Lemma cnt_nth x0 m : (m < size K)%N -> cnt (nth x0 K m) = m.+1.
Proof.
move=> lt_m; rewrite /cnt -(count_leq_nth_sorted sorted_kept_rows) ?size_map //.
by rewrite count_map (nth_map x0).
Qed.

Lemma cnt_pred_lt k : ((cnt k).-1 < dedup_size A)%N.
Proof.
have kept0 : Ordinal (leq_ltn_trans (leq0n k) (ltn_ord k)) \in K.
  by rewrite mem_kept_rows /keep_row eqxx.
have : (0 < cnt k)%N by rewrite -has_count; apply/hasP; eexists; first exact: kept0.
have := count_size (fun a : 'I_s => a <= k)%N K.
by rewrite -/(cnt k) /dedup_size; case: (cnt k).
Qed.

Definition dedup_index (k : 'I_s) : 'I_(dedup_size A) := Ordinal (cnt_pred_lt k).

Lemma val_dedup_index k : val (dedup_index k) = (cnt k).-1.
Proof. by []. Qed.

Lemma dedup_index_mono : {homo dedup_index : k k' / (k <= k')%N}.
Proof.
move=> k k' le_kk'; rewrite !val_dedup_index -!subn1 leq_sub2r //.
by apply: sub_count => a /= /leq_trans; apply.
Qed.

Lemma dedup_index_surj y : exists k, dedup_index k = y.
Proof.
exists (tnth (in_tuple K) y); apply: val_inj.
by rewrite val_dedup_index (tnth_nth (tnth (in_tuple K) y)) in_tupleE cnt_nth.
Qed.

Lemma dedup_index_kept k : k \in K -> tnth (in_tuple K) (dedup_index k) = k.
Proof.
move=> k_kept; rewrite (tnth_nth k) in_tupleE val_dedup_index.
have -> : cnt k = (index k K).+1 by rewrite -{1}(nth_index k k_kept) cnt_nth ?index_mem.
exact: nth_index.
Qed.

Lemma rowsub_dedup_index : rowsub dedup_index (dedup A) = A.
Proof.
apply/matrixP => k j; rewrite !mxE.
move: {2}(val k) (erefl (val k)) => v; elim: v k => [|v IH] k val_k.
  by rewrite dedup_index_kept // mem_kept_rows /keep_row val_k.
have [k_kept|k_dup] := boolP (k \in K); first by rewrite dedup_index_kept.
have lt_v : (v < s)%N by have := ltn_ord k; rewrite val_k => /ltnW.
pose k0 := Ordinal lt_v.
have eq_row : row k0 A = row k A.
  move: k_dup; rewrite mem_kept_rows /keep_row negb_or val_k /= negb_exists.
  by move=> /forallP /(_ k0); rewrite /= eqxx /= negbK => /eqP.
have -> : dedup_index k = dedup_index k0.
  apply: val_inj; rewrite !val_dedup_index /cnt; congr _.-1.
  apply: eq_in_count => a a_kept /=.
  rewrite val_k leq_eqVlt ltnS orb_idl // => /eqP eq_a.
  by move: k_dup; rewrite (_ : k = a) ?a_kept //; apply: val_inj; rewrite /= val_k eq_a.
by rewrite IH //; have := congr1 (fun r : 'rV[T]_t => r ord0 j) eq_row; rewrite !mxE.
Qed.

End DedupIndex.

Unset Implicit Arguments.

Theorem lemma3p2 (R : realType) (T : finType) (s t : nat) (A : 'M[T]_(s, t)) :
  exists p1 p2 : {poly R},
    forall eps : R, 0 < eps ->
      0 < p2.[eps^-1] /\
      forall n : nat, p1.[eps^-1] <= n%:R ->
        forall M : 'M[T]_n,
          eps * n%:R ^+ (dedup_size A + t) <= (copies (dedup A) M)%:R ->
          (p2.[eps^-1])^-1 * n%:R ^+ (s + t) <= (copies A M)%:R.
Proof.
have := forces_rowsub R (dedup A) (@dedup_index_mono _ _ _ A)
  (@dedup_index_surj _ _ _ A).
by rewrite rowsub_dedup_index.
Qed.
Lemma meas_history_eq n s : meas Ps (fun w => history n w = s).
Proof.
  revert s. induction n; intros s; simpl.
  - apply meas_const.
  - destruct s as [|x s].
    + apply (meas_ext _ (fun _ => False)); [intros; split; [tauto|discriminate]|].
      apply meas_false.
    + apply (meas_ext _ (fun w => xi (S n) w = x /\ history n w = s)).
      * intros w; split; [intros [-> ->]; auto|intros H; injection H; auto].
      * apply meas_and; auto.
Qed.

(* Events defined through the history are measurable (the history takes
   finitely many values). *)
Lemma meas_history_fun n (Q : list nat -> Omega Ps -> Prop) :
  (forall s, meas Ps (Q s)) -> meas Ps (fun w => Q (history n w) w).
Proof.
  intros HQ.
  apply (meas_ext _ (fun w => exists j, history n w = nth j (histories n) nil /\
                                        Q (nth j (histories n) nil) w)).
  - intros w; split; [intros [j [-> H]]; auto|].
    intros H. destruct (history_enumerated n w) as [j Hj]. exists j. rewrite <- Hj. auto.
  - apply meas_cunion. intros j. apply meas_and; auto. apply meas_history_eq.
Qed.

Lemma meas_history (n : nat) (Q : list nat -> Prop) :
  meas Ps (fun w => Q (history n w)).
Proof. apply (meas_history_fun n (fun s _ => Q s)). intros; apply meas_const. Qed.

Lemma meas_history2 (n m : nat) (Q : list nat -> list nat -> Prop) :
  meas Ps (fun w => Q (history n w) (history m w)).
Proof.
  apply (meas_history_fun n (fun s w => Q s (history m w))).
  intros s; apply meas_history.
Qed.

Definition hist_weight (s : list nat) : R := fold_right (fun l acc => p l * acc) 1 s.

Fixpoint countdown (m : nat) : list nat :=
  match m with O => nil | S k => S k :: countdown k end.

Lemma countdown_In m k : In k (countdown m) <-> (1 <= k <= m)%nat.
Proof. induction m; simpl; [lia|]. rewrite IHm. lia. Qed.

Lemma countdown_NoDup m : NoDup (countdown m).
Proof. induction m; simpl; constructor; auto. rewrite countdown_In. lia. Qed.

Lemma history_eq_iff m w s : length s = m ->
  (history m w = s <-> forall k, In k (countdown m) -> xi k w = nth (m - k) s 0%nat).
Proof.
  revert s; induction m as [|m IH]; intros s Hl.
  - destruct s; simpl in *; [|lia]. split; auto. intros; tauto.
  - destruct s as [|x s]; simpl in Hl; [lia|]. cbn [history countdown].
    assert (Hn : forall k, (1 <= k <= m)%nat -> nth (S m - k) (x :: s) 0%nat = nth (m - k) s 0%nat).
    { intros k Hk. replace (S m - k)%nat with (S (m - k)) by lia. reflexivity. }
    assert (H0 : nth (S m - S m) (x :: s) 0%nat = x) by (rewrite Nat.sub_diag; reflexivity).
    split.
    + intros H. injection H as H1 H2. intros k [<-|Hk]; [rewrite H0; auto|].
      apply countdown_In in Hk as Hk'. rewrite Hn by auto.
      apply (IH s ltac:(lia)); auto.
    + intros H. f_equal.
      * specialize (H (S m) (or_introl eq_refl)). rewrite H0 in H; auto.
      * apply (IH s ltac:(lia)). intros k Hk. apply countdown_In in Hk as Hk'.
        rewrite (H k (or_intror Hk)). apply Hn; auto.
Qed.

Lemma fold_countdown m s (a : nat -> nat) : length s = m -> valid_hist s ->
  (forall k, In k (countdown m) -> a k = nth (m - k) s 0%nat) ->
  fold_right (fun k acc => Pr Ps (fun w => xi k w = a k) * acc) 1 (countdown m) =
  hist_weight s.
Proof.
  revert s a. induction m as [|m IH]; intros s a Hl Hv Ha.
  - destruct s; simpl in *; auto; lia.
  - destruct s as [|x s]; simpl in Hl; [lia|]. cbn [countdown fold_right hist_weight].
    rewrite (Ha (S m) (or_introl eq_refl)), Nat.sub_diag. simpl nth.
    rewrite Hxi_law by (try lia; apply Hv; simpl; auto). unfold hist_weight; simpl. f_equal.
    apply IH; [lia|intros y Hy; apply Hv; simpl; auto|].
    intros k Hk. rewrite Ha by (simpl; auto). apply countdown_In in Hk.
    replace (S m - k)%nat with (S (m - k)) by lia. auto.
Qed.

Lemma Pr_cylinder m s : length s = m -> valid_hist s ->
  Pr Ps (fun w => history m w = s) = hist_weight s.
Proof.
  intros Hl Hv.
  rewrite (Pr_ext _ _ (fun w => forall k, In k (countdown m) ->
                                  xi k w = (fun k => nth (m - k) s 0%nat) k))
    by (intros w; apply history_eq_iff; auto).
  rewrite Hindep.
  - apply fold_countdown; auto.
  - apply countdown_NoDup.
  - intros k Hk; apply countdown_In in Hk; lia.
Qed.

(* expect n f h: the expectation of f over the n draws following the
   history h, computed by conditioning on one draw at a time. *)
Fixpoint expect (n : nat) (f : list nat -> R) (h : list nat) : R :=
  match n with
  | O => f h
  | S n' => rsum L (fun l => p l * expect n' f (l :: h))
  end.

Definition indicator (P : list nat -> Prop) (h : list nat) : R :=
  if excluded_middle_informative (P h) then 1 else 0.
(* Let $g_1,\dots,g_k$ be fully supported elements of $\mathrm{Diff}^2_+(S^1)$, each of which has a fixed point, and let $G$ be the group they generate. If the commutativity graph of $\{g_1,\dots,g_k\}$ is connected, then $G$ is abelian.
   Context: $\mathrm{Diff}^2_+(S^1)$ is the group of orientation-preserving $C^2$ diffeomorphisms of $S^1$. A homeomorphism $f$ is fully supported if the interior of its fixed point set is empty. The commutativity graph of a set $S$ of group elements has one vertex for each $s\in S$ and an edge joining two elements exactly when they commute. *)

From Stdlib Require Import Reals Relations.
From Coquelicot Require Import Coquelicot.
Open Scope R_scope.

(* The circle S^1 = R/Z, represented by the fundamental domain [0,1). *)
Definition S1 : Type := { x : R | 0 <= x < 1 }.

Lemma frac_part_in01 (x : R) : 0 <= frac_part x < 1.
Proof. destruct (base_fp x) as [H1 H2]. split; [apply Rge_le; exact H1 | exact H2]. Qed.

Definition proj (x : R) : S1 := exist _ (frac_part x) (frac_part_in01 x).

Definition is_lift (f : S1 -> S1) (F : R -> R) : Prop :=
  forall x, proj (F x) = f (proj x).

(* f is an orientation-preserving C^2 diffeomorphism of S^1: it has a lift F
   commuting with integer translation, which is C^2 with F' > 0 everywhere
   (hence a C^2 diffeomorphism of R, by the inverse function theorem). *)
Definition Diff2plus (f : S1 -> S1) : Prop :=
  exists F : R -> R,
    is_lift f F /\
    (forall x, F (x + 1) = F x + 1) /\
    (forall x, ex_derive F x) /\
    (forall x, ex_derive_n F 2 x) /\
    (forall x, continuous (Derive_n F 2) x) /\
    (forall x, 0 < Derive F x).

Definition has_fixed_point (f : S1 -> S1) : Prop := exists p, f p = p.

(* Fix(f) has empty interior in S^1: no nonempty open arc (image of an open
   interval of R under the covering map) is pointwise fixed. *)
Definition fully_supported (f : S1 -> S1) : Prop :=
  ~ exists a b : R, a < b /\ forall x, a < x < b -> f (proj x) = proj x.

--------------------------------------------------

### Exercise aim
Look above for the line containing "exists (tnth (in_tuple K) y); apply: val_inj." and the line containing "by rewrite dedup_index_kept //". Transcribe both, with the lines between them, exactly.

### Exercise solution
exists (tnth (in_tuple K) y); apply: val_inj.
by rewrite val_dedup_index (tnth_nth (tnth (in_tuple K) y)) in_tupleE cnt_nth.
Qed.

Lemma dedup_index_kept k : k \in K -> tnth (in_tuple K) (dedup_index k) = k.
Proof.
move=> k_kept; rewrite (tnth_nth k) in_tupleE val_dedup_index.
have -> : cnt k = (index k K).+1 by rewrite -{1}(nth_index k k_kept) cnt_nth ?index_mem.
exact: nth_index.
Qed.

Lemma rowsub_dedup_index : rowsub dedup_index (dedup A) = A.
Proof.
apply/matrixP => k j; rewrite !mxE.
move: {2}(val k) (erefl (val k)) => v; elim: v k => [|v IH] k val_k.
  by rewrite dedup_index_kept // mem_kept_rows /keep_row val_k.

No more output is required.